(* Let $A\in\mathbb{R}^{m\times n}$ and let $A=P_1-R_1+S_1=P_2-R_2+S_2$ be two double proper weak splittings of $A$. Let $\widehat{A}=(I-S_2P_1^{\dagger})A$ and $\widehat{P}=P_2$. If $\widehat{A}^{\dagger}\widehat{P}\geq 0$, $N(S_2)\supseteq N(P_2)$, $R(S_2)\subseteq R(P_2)$ and $1\notin\sigma(S_2P_1^{\dagger})$, then $\rho(W_{12})<1$, where $$W_{12}=\begin{pmatrix} P_2^{\dagger}R_2-P_2^{\dagger}S_2P_1^{\dagger}R_1 & P_2^{\dagger}S_2P_1^{\dagger}S_1\\ I & 0\end{pmatrix}.$$
   Context: For $M\in\mathbb{R}^{m\times n}$, $M^{\dagger}$ is its Moore–Penrose inverse, $R(M)$, $N(M)$ its range and null space; inequalities are entrywise; $\rho$ is the spectral radius, $\sigma$ the spectrum. A double splitting $A=P-R+S$ ($P,R,S\in\mathbb{R}^{m\times n}$) is a double proper splitting if $R(P)=R(A)$ and $N(P)=N(A)$; it is a double proper weak splitting if moreover $P^{\dagger}R\geq 0$ and $P^{\dagger}S\leq 0$. *)

From HB Require Import structures.
From mathcomp Require Import all_boot all_order all_algebra.
From mathcomp Require Import complex Rstruct.
From Stdlib Require Import Reals.
Set Implicit Arguments. Unset Strict Implicit. Unset Printing Implicit Defensive.
Import Order.TTheory GRing.Theory Num.Theory.
Local Open Scope ring_scope.

Definition is_MP_inverse m n (A : 'M[R]_(m, n)) (X : 'M[R]_(n, m)) : Prop :=
  [/\ A *m X *m A = A, X *m A *m X = X,
      (A *m X)^T = A *m X & (X *m A)^T = X *m A].

Definition range_sub m n k (A : 'M[R]_(m, n)) (B : 'M[R]_(m, k)) : Prop :=
  forall x : 'cV[R]_n, exists y : 'cV[R]_k, A *m x = B *m y.
Definition null_sub m k n (A : 'M[R]_(m, n)) (B : 'M[R]_(k, n)) : Prop :=
  forall x : 'cV[R]_n, A *m x = 0 -> B *m x = 0.

Definition mx_nonneg m n (M : 'M[R]_(m, n)) : Prop := forall i j, 0 <= M i j.
Definition mx_nonpos m n (M : 'M[R]_(m, n)) : Prop := forall i j, M i j <= 0.

(* double proper splitting A = P - Q + S: R(P) = R(A), N(P) = N(A)
   (Q plays the role of the paper's R, renamed to avoid clashing with the reals). *)
Definition double_proper_splitting m n (A P Q S : 'M[R]_(m, n)) : Prop :=
  [/\ A = P - Q + S,
      range_sub P A /\ range_sub A P &
      null_sub P A /\ null_sub A P].

Definition double_proper_weak_splitting m n (A P Q S : 'M[R]_(m, n))
    (Pd : 'M[R]_(n, m)) : Prop :=
  [/\ double_proper_splitting A P Q S, is_MP_inverse P Pd,
      mx_nonneg (Pd *m Q) & mx_nonpos (Pd *m S)].

Definition spectrum n (M : 'M[R]_n) : pred R[i] :=
  fun z => root (map_poly (fun x : R => (x%:C)%C) (char_poly M)) z.

Definition spectral_radius_lt1 n (M : 'M[R]_n) : Prop :=
  forall z : R[i], spectrum M z -> `|z| < 1.

(* Let T and U be the two top blocks of W12; they are nonnegative by the sign
   conditions of the weak splittings, and V := T + U = P2^+ (P2 - Â).  If W12
   had an eigenvalue of modulus >= 1, the entrywise moduli of an eigenvector
   would give a nonzero y = (y1, y2) >= 0 with y <= W12 y, hence y2 <= y1 and
   y1 <= V y1.  So it suffices that V has no nonzero nonnegative subinvariant
   vector.  The range and null space hypotheses (and 1 not in the spectrum of
   S2 P1^+) give R(Â) ⊆ R(P2) and N(Â) ⊆ N(P2); with K := Â^+ P2 >= 0 and
   Pi := Â^+ Â this yields K V = K - Pi and Pi V = V.  For y >= 0 with
   y <= V y, the vector w := V y >= 0 then satisfies V w - w >= 0 and
   K (V w - w) = -w, so w = 0 and finally y = 0. *)

From HB Require Import structures.
From mathcomp Require Import all_boot all_order all_algebra.
From mathcomp Require Import complex Rstruct lra.
From Stdlib Require Import Reals.
Set Implicit Arguments. Unset Strict Implicit. Unset Printing Implicit Defensive.
Import Order.TTheory GRing.Theory Num.Theory.
Local Open Scope ring_scope.

Lemma char_poly_trmx (K : comNzRingType) n (M : 'M[K]_n) :
  char_poly M^T = char_poly M.
Proof.
rewrite /char_poly -det_tr; congr (\det _); apply/matrixP => i j.
by rewrite !mxE eq_sym.
Qed.

Lemma spectrum_eigenvector n (M : 'M[R]_n) z : spectrum M z ->
  exists2 c : 'cV[R[i]]_n, map_mx (real_complex R) M *m c = z *: c & c != 0.
Proof.
rewrite /spectrum map_char_poly -char_poly_trmx -eigenvalue_root_char.
move=> /eigenvalueP [v Mv v0]; exists v^T; last by rewrite trmx_eq0.
by rewrite -[LHS]trmxK trmx_mul trmxK Mv linearZ.
Qed.

Lemma spectrum_fixed_cV n (M : 'M[R]_n) (x : 'cV[R]_n) :
  M *m x = x -> x != 0 -> spectrum M 1.
Proof.
move=> Mx x0; have : eigenvalue M^T 1.
  by apply/eigenvalueP; exists x^T; rewrite ?trmx_eq0 // -trmx_mul Mx scale1r.
rewrite eigenvalue_root_char char_poly_trmx => /(rmorph_root (real_complex R)).
by rewrite rmorph1.
Qed.

Definition mx_le m n (A B : 'M[R]_(m, n)) : Prop := forall i j, A i j <= B i j.

Lemma mx_nonneg_subr m n (A B : 'M[R]_(m, n)) : mx_nonneg (B - A) <-> mx_le A B.
Proof. by split=> AB i j; have := AB i j; rewrite !mxE subr_ge0. Qed.

Lemma mulmx_ge0 m n p (M : 'M[R]_(m, n)) (N : 'M[R]_(n, p)) :
  mx_nonneg M -> mx_nonneg N -> mx_nonneg (M *m N).
Proof. by move=> M0 N0 i j; rewrite mxE; apply: sumr_ge0 => k _; apply: mulr_ge0. Qed.

Lemma mulmx_le0 m n p (M : 'M[R]_(m, n)) (N : 'M[R]_(n, p)) :
  mx_nonpos M -> mx_nonpos N -> mx_nonneg (M *m N).
Proof. by move=> M0 N0 i j; rewrite mxE; apply: sumr_ge0 => k _; apply: mulr_le0. Qed.

Lemma mulmx_le0_ge0 m n p (M : 'M[R]_(m, n)) (N : 'M[R]_(n, p)) :
  mx_nonpos M -> mx_nonneg N -> mx_nonpos (M *m N).
Proof. by move=> M0 N0 i j; rewrite mxE; apply: sumr_le0 => k _; apply: mulr_le0_ge0. Qed.

Lemma mx_le_wpmul2l m n p (M : 'M[R]_(m, n)) (A B : 'M[R]_(n, p)) :
  mx_nonneg M -> mx_le A B -> mx_le (M *m A) (M *m B).
Proof. by move=> M0 AB i j; rewrite !mxE; apply: ler_sum => k _; apply: ler_wpM2l. Qed.

Lemma mx_nonneg_block m1 m2 n1 n2 (Aul : 'M[R]_(m1, n1)) (Aur : 'M[R]_(m1, n2))
    (Adl : 'M[R]_(m2, n1)) (Adr : 'M[R]_(m2, n2)) :
  mx_nonneg Aul -> mx_nonneg Aur -> mx_nonneg Adl -> mx_nonneg Adr ->
  mx_nonneg (block_mx Aul Aur Adl Adr).
Proof.
move=> ul ur dl dr i j; rewrite -(splitK i) -(splitK j).
by case: (fintype.split i) => i'; case: (fintype.split j) => j';
  rewrite ?block_mxEul ?block_mxEur ?block_mxEdl ?block_mxEdr.
Qed.

Definition subinvariant n (M : 'M[R]_n) (y : 'cV[R]_n) : Prop :=
  mx_nonneg y /\ mx_le y (M *m y).

Lemma subinvariant_eq0 n (V K Pi : 'M[R]_n) (y : 'cV[R]_n) :
  mx_nonneg V -> mx_nonneg K -> K *m V = K - Pi -> Pi *m V = V ->
  subinvariant V y -> y = 0.
Proof.
move=> V0 K0 KV PiV [y0 yVy]; set w := V *m y.
have w0 : mx_nonneg w by move=> i j; apply: le_trans (y0 i j) (yVy i j).
have Vw0 : mx_nonneg (V *m w - w).
  by apply/mx_nonneg_subr/mx_le_wpmul2l.
have KVw : K *m (V *m w - w) = - w.
  have Piw : Pi *m w = w by rewrite /w mulmxA PiV.
  by rewrite mulmxBr mulmxA KV mulmxBl Piw addrAC subrr add0r.
have w_eq0 i j : w i j = 0.
  apply/le_anti; rewrite w0 andbT -oppr_ge0.
  by have := mulmx_ge0 K0 Vw0 i j; rewrite KVw mxE.
apply/matrixP => i j; rewrite mxE; apply/le_anti; rewrite y0 andbT -(w_eq0 i j).
exact: yVy.
Qed.

Lemma nonneg_spectrum_subinvariant n (M : 'M[R]_n) z :
  mx_nonneg M -> spectrum M z -> 1 <= `|z| -> exists2 y, subinvariant M y & y != 0.
Proof.
move=> M0 /spectrum_eigenvector [c Mc c0] z1.
pose y := \col_i complex.Re `|c i 0|.
have yE i : (y i 0)%:C%C = `|c i 0| by rewrite mxE RRe_real ?normr_real.
have y0 : mx_nonneg y by move=> i j; rewrite (ord1 j) -ler0c yE normr_ge0.
exists y; last first.
  apply: contraNneq c0 => y_eq0; apply/eqP/matrixP => i j; rewrite (ord1 j) mxE.
  by apply/eqP; rewrite -normr_eq0 -yE y_eq0 mxE.
split=> // i j; rewrite (ord1 j) -lecR yE.
apply: le_trans (ler_peMl (normr_ge0 _) z1) _; rewrite -normrM.
move/matrixP: Mc => /(_ i 0); rewrite [in RHS]mxE => <-.
rewrite !mxE rmorph_sum; apply: le_trans (ler_norm_sum _ _ _) _.
apply: ler_sum => k _; rewrite mxE normrM -yE rmorphM /= ger0_norm ?ler0c //.
Qed.

Lemma block_subinvariant_eq0 n (T U : 'M[R]_n) (y1 y2 : 'cV[R]_n) :
  mx_nonneg U -> (forall y, subinvariant (T + U) y -> y = 0) ->
  subinvariant (block_mx T U 1%:M 0) (col_mx y1 y2) -> col_mx y1 y2 = 0.
Proof.
move=> U0 TU [y0 yWy]; rewrite mul_block_col mul1mx mul0mx addr0 in yWy.
have y10 : mx_nonneg y1 by move=> i j; have := y0 (lshift n i) j; rewrite col_mxEu.
have y20 : mx_nonneg y2 by move=> i j; have := y0 (rshift n i) j; rewrite col_mxEd.
have y21 : mx_le y2 y1 by move=> i j; have := yWy (rshift n i) j; rewrite !col_mxEd.
have y1_eq0 : y1 = 0.
  apply: TU; split=> // i j; have := yWy (lshift n i) j; rewrite !col_mxEu.
  move/le_trans; apply; rewrite mulmxDl [leLHS]mxE [leRHS]mxE lerD2l.
  exact: mx_le_wpmul2l.
have y2_eq0 : y2 = 0.
  apply/matrixP => i j; apply/le_anti; rewrite mxE y20 andbT.
  by have := y21 i j; rewrite y1_eq0 mxE.
by rewrite y1_eq0 y2_eq0 col_mx0.
Qed.

Lemma spectral_radius_lt1_block n (T U : 'M[R]_n) :
  mx_nonneg T -> mx_nonneg U -> (forall y, subinvariant (T + U) y -> y = 0) ->
  spectral_radius_lt1 (block_mx T U 1%:M 0).
Proof.
move=> T0 U0 TU z Wz; rewrite real_ltNge ?normr_real ?real1 //; apply/negP => z1.
have W0 : mx_nonneg (block_mx T U 1%:M 0).
  by apply: mx_nonneg_block => // i j; rewrite mxE ?ler0n.
have [y] := nonneg_spectrum_subinvariant W0 Wz z1.
by rewrite -(vsubmxK y) => /(block_subinvariant_eq0 U0 TU) ->; rewrite eqxx.
Qed.

Lemma mulmx_cV_ext m n (M N : 'M[R]_(m, n)) :
  (forall x : 'cV[R]_n, M *m x = N *m x) -> M = N.
Proof.
move=> MN; apply/matrixP => i j; have := MN (delta_mx j 0).
by rewrite -!colE => /matrixP /(_ i 0); rewrite !mxE.
Qed.

Lemma mulmx_pinv_range m n k (P : 'M[R]_(m, n)) (Pd : 'M[R]_(n, m)) (B : 'M[R]_(m, k)) :
  range_sub B P -> P *m Pd *m P = P -> P *m Pd *m B = B.
Proof.
move=> BP PPdP; apply: mulmx_cV_ext => x; have [y Bx] := BP x.
by rewrite -mulmxA Bx mulmxA PPdP.
Qed.

Lemma mulmx_pinv_null m n k (P : 'M[R]_(m, n)) (Pd : 'M[R]_(n, m)) (B : 'M[R]_(k, n)) :
  null_sub P B -> P *m Pd *m P = P -> B *m Pd *m P = B.
Proof.
move=> PB PPdP; apply/eqP; rewrite -subr_eq0 -mulmxA -{2}[B]mulmx1 -mulmxBr.
apply/eqP/mulmx_cV_ext => x; rewrite mul0mx -mulmxA; apply: PB.
by rewrite mulmxA mulmxBr mulmx1 mulmxA PPdP subrr mul0mx.
Qed.

Lemma MP_inverse_sym_fix m n (P : 'M[R]_(m, n)) (Pd : 'M[R]_(n, m)) (Pi : 'M[R]_n) :
  is_MP_inverse P Pd -> Pi^T = Pi -> P *m Pi = P -> Pi *m Pd = Pd.
Proof.
move=> [_ PdPPd _ PdP_sym] Pi_sym PPi.
have PiPt : Pi *m P^T = P^T by rewrite -Pi_sym -trmx_mul PPi.
(* [Pd = (Pd P)^T Pd = P^T Pd^T Pd], and [Pi] fixes [P^T] on the left. *)
by rewrite -PdPPd -PdP_sym trmx_mul !mulmxA PiPt.
Qed.

Lemma range_sub_deflated m n (A P S : 'M[R]_(m, n)) (X : 'M[R]_(n, m)) :
  range_sub A P -> range_sub S P -> range_sub ((1%:M - S *m X) *m A) P.
Proof.
move=> AP SP x; have [y1 Ay1] := AP x; have [y2 Sy2] := SP (X *m (A *m x)).
exists (y1 - y2); rewrite mulmxBr -Ay1 -Sy2 -mulmxA mulmxBl mul1mx.
by rewrite -mulmxA.
Qed.

Lemma null_sub_deflated m n (A P : 'M[R]_(m, n)) (M : 'M[R]_m) :
  ~ spectrum M 1 -> null_sub A P -> null_sub ((1%:M - M) *m A) P.
Proof.
move=> M1 AP x; rewrite -mulmxA mulmxBl mul1mx => /subr0_eq/esym MAx.
apply: AP; have [//|Ax0] := eqVneq (A *m x) 0.
by case: M1; apply: spectrum_fixed_cV MAx Ax0.
Qed.

Lemma double_splitting_deflated m n (A P1 Q1 S1 P2 Q2 S2 : 'M[R]_(m, n))
    (X : 'M[R]_(n, m)) :
  A = P1 - Q1 + S1 -> A = P2 - Q2 + S2 -> S2 *m X *m P1 = S2 ->
  Q2 - S2 *m X *m Q1 + S2 *m X *m S1 = P2 - (1%:M - S2 *m X) *m A.
Proof.
move=> A1 A2 SXP1; rewrite mulmxBl mul1mx.
have -> : S2 *m X *m A = S2 - S2 *m X *m Q1 + S2 *m X *m S1.
  by rewrite {1}A1 mulmxDr mulmxBr SXP1.
rewrite A2; move: (S2 *m X *m Q1) (S2 *m X *m S1) => a b.
by apply/matrixP => i j; rewrite !mxE; lra.
Qed.

Lemma pinv_comparison_subinvariant_eq0 m n (P B : 'M[R]_(m, n))
    (Pd Bd : 'M[R]_(n, m)) (y : 'cV[R]_n) :
  is_MP_inverse P Pd -> is_MP_inverse B Bd -> range_sub B P -> null_sub B P ->
  mx_nonneg (Bd *m P) -> mx_nonneg (Pd *m (P - B)) ->
  subinvariant (Pd *m (P - B)) y -> y = 0.
Proof.
move=> MPP MPB BP PB BdP0 V0; have [PPdP _ _ _] := MPP; have [BBdB _ _ BdB_sym] := MPB.
have PPdV : P *m Pd *m (P - B) = P - B.
  by rewrite mulmxBr PPdP (mulmx_pinv_range BP PPdP).
have PBdB : P *m (Bd *m B) = P by rewrite mulmxA (mulmx_pinv_null PB BBdB).
apply: (subinvariant_eq0 (Pi := Bd *m B) V0 BdP0).
  by rewrite -mulmxA (mulmxA P) PPdV mulmxBr.
by rewrite mulmxA (MP_inverse_sym_fix MPP BdB_sym PBdB).
Qed.

Theorem theorem3p2 (m n : nat) (A P1 Q1 S1 P2 Q2 S2 : 'M[R]_(m, n))
    (P1d P2d : 'M[R]_(n, m)) (Ahd : 'M[R]_(n, m)) :
  double_proper_weak_splitting A P1 Q1 S1 P1d ->
  double_proper_weak_splitting A P2 Q2 S2 P2d ->
  is_MP_inverse ((1%:M - S2 *m P1d) *m A) Ahd ->
  mx_nonneg (Ahd *m P2) ->
  null_sub P2 S2 ->   (* N(P2) ⊆ N(S2) *)
  range_sub S2 P2 ->
  ~ spectrum (S2 *m P1d) 1 ->
  spectral_radius_lt1
    (block_mx (P2d *m Q2 - P2d *m S2 *m P1d *m Q1) (P2d *m S2 *m P1d *m S1)
              (1%:M : 'M[R]_n) (0 : 'M[R]_n)).
Proof.
move=> [[A1 _ [P1A _]] [P1P1dP1 _ _ _] P1dQ1_ge0 P1dS1_le0]
       [[A2 [_ AP2] [_ AP2null]] MP2 P2dQ2_ge0 P2dS2_le0] MPAh AhdP2_ge0 P2S2 S2P2 S2P1d1.
have S2P1dP1 : S2 *m P1d *m P1 = S2.
  by apply: mulmx_pinv_null P1P1dP1 => x /P1A /AP2null /P2S2.
have T_ge0 : mx_nonneg (P2d *m Q2 - P2d *m S2 *m P1d *m Q1).
  apply/mx_nonneg_subr => i j; apply: (le_trans _ (P2dQ2_ge0 i j)).
  by rewrite -mulmxA; apply: mulmx_le0_ge0.
have U_ge0 : mx_nonneg (P2d *m S2 *m P1d *m S1).
  by rewrite -mulmxA; apply: mulmx_le0.
have TU : P2d *m Q2 - P2d *m S2 *m P1d *m Q1 + P2d *m S2 *m P1d *m S1
          = P2d *m (P2 - (1%:M - S2 *m P1d) *m A).
  by rewrite -(double_splitting_deflated A1 A2 S2P1dP1) mulmxDr mulmxBr !mulmxA.
apply: spectral_radius_lt1_block => // y; rewrite TU.
apply: pinv_comparison_subinvariant_eq0 MP2 MPAh _ _ AhdP2_ge0 _.
- exact: range_sub_deflated.
- exact: null_sub_deflated.
- by rewrite -TU => i j; rewrite mxE addr_ge0.
Qed.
++++++++
Produce an exact repeat of the lines from the one containing "have PPdV : P *m Pd *m (P - B) = P - B." through the last line of the data, and nothing more.

have PPdV : P *m Pd *m (P - B) = P - B.
  by rewrite mulmxBr PPdP (mulmx_pinv_range BP PPdP).
have PBdB : P *m (Bd *m B) = P by rewrite mulmxA (mulmx_pinv_null PB BBdB).
apply: (subinvariant_eq0 (Pi := Bd *m B) V0 BdP0).
  by rewrite -mulmxA (mulmxA P) PPdV mulmxBr.
by rewrite mulmxA (MP_inverse_sym_fix MPP BdB_sym PBdB).
Qed.

Theorem theorem3p2 (m n : nat) (A P1 Q1 S1 P2 Q2 S2 : 'M[R]_(m, n))
    (P1d P2d : 'M[R]_(n, m)) (Ahd : 'M[R]_(n, m)) :
  double_proper_weak_splitting A P1 Q1 S1 P1d ->
  double_proper_weak_splitting A P2 Q2 S2 P2d ->
  is_MP_inverse ((1%:M - S2 *m P1d) *m A) Ahd ->
  mx_nonneg (Ahd *m P2) ->
  null_sub P2 S2 ->   (* N(P2) ⊆ N(S2) *)
  range_sub S2 P2 ->
  ~ spectrum (S2 *m P1d) 1 ->
  spectral_radius_lt1
    (block_mx (P2d *m Q2 - P2d *m S2 *m P1d *m Q1) (P2d *m S2 *m P1d *m S1)
              (1%:M : 'M[R]_n) (0 : 'M[R]_n)).
Proof.
move=> [[A1 _ [P1A _]] [P1P1dP1 _ _ _] P1dQ1_ge0 P1dS1_le0]
       [[A2 [_ AP2] [_ AP2null]] MP2 P2dQ2_ge0 P2dS2_le0] MPAh AhdP2_ge0 P2S2 S2P2 S2P1d1.
have S2P1dP1 : S2 *m P1d *m P1 = S2.
  by apply: mulmx_pinv_null P1P1dP1 => x /P1A /AP2null /P2S2.
have T_ge0 : mx_nonneg (P2d *m Q2 - P2d *m S2 *m P1d *m Q1).
  apply/mx_nonneg_subr => i j; apply: (le_trans _ (P2dQ2_ge0 i j)).
  by rewrite -mulmxA; apply: mulmx_le0_ge0.
have U_ge0 : mx_nonneg (P2d *m S2 *m P1d *m S1).
  by rewrite -mulmxA; apply: mulmx_le0.
have TU : P2d *m Q2 - P2d *m S2 *m P1d *m Q1 + P2d *m S2 *m P1d *m S1
          = P2d *m (P2 - (1%:M - S2 *m P1d) *m A).
  by rewrite -(double_splitting_deflated A1 A2 S2P1dP1) mulmxDr mulmxBr !mulmxA.
apply: spectral_radius_lt1_block => // y; rewrite TU.
apply: pinv_comparison_subinvariant_eq0 MP2 MPAh _ _ AhdP2_ge0 _.
- exact: range_sub_deflated.
- exact: null_sub_deflated.
- by rewrite -TU => i j; rewrite mxE addr_ge0.
Qed.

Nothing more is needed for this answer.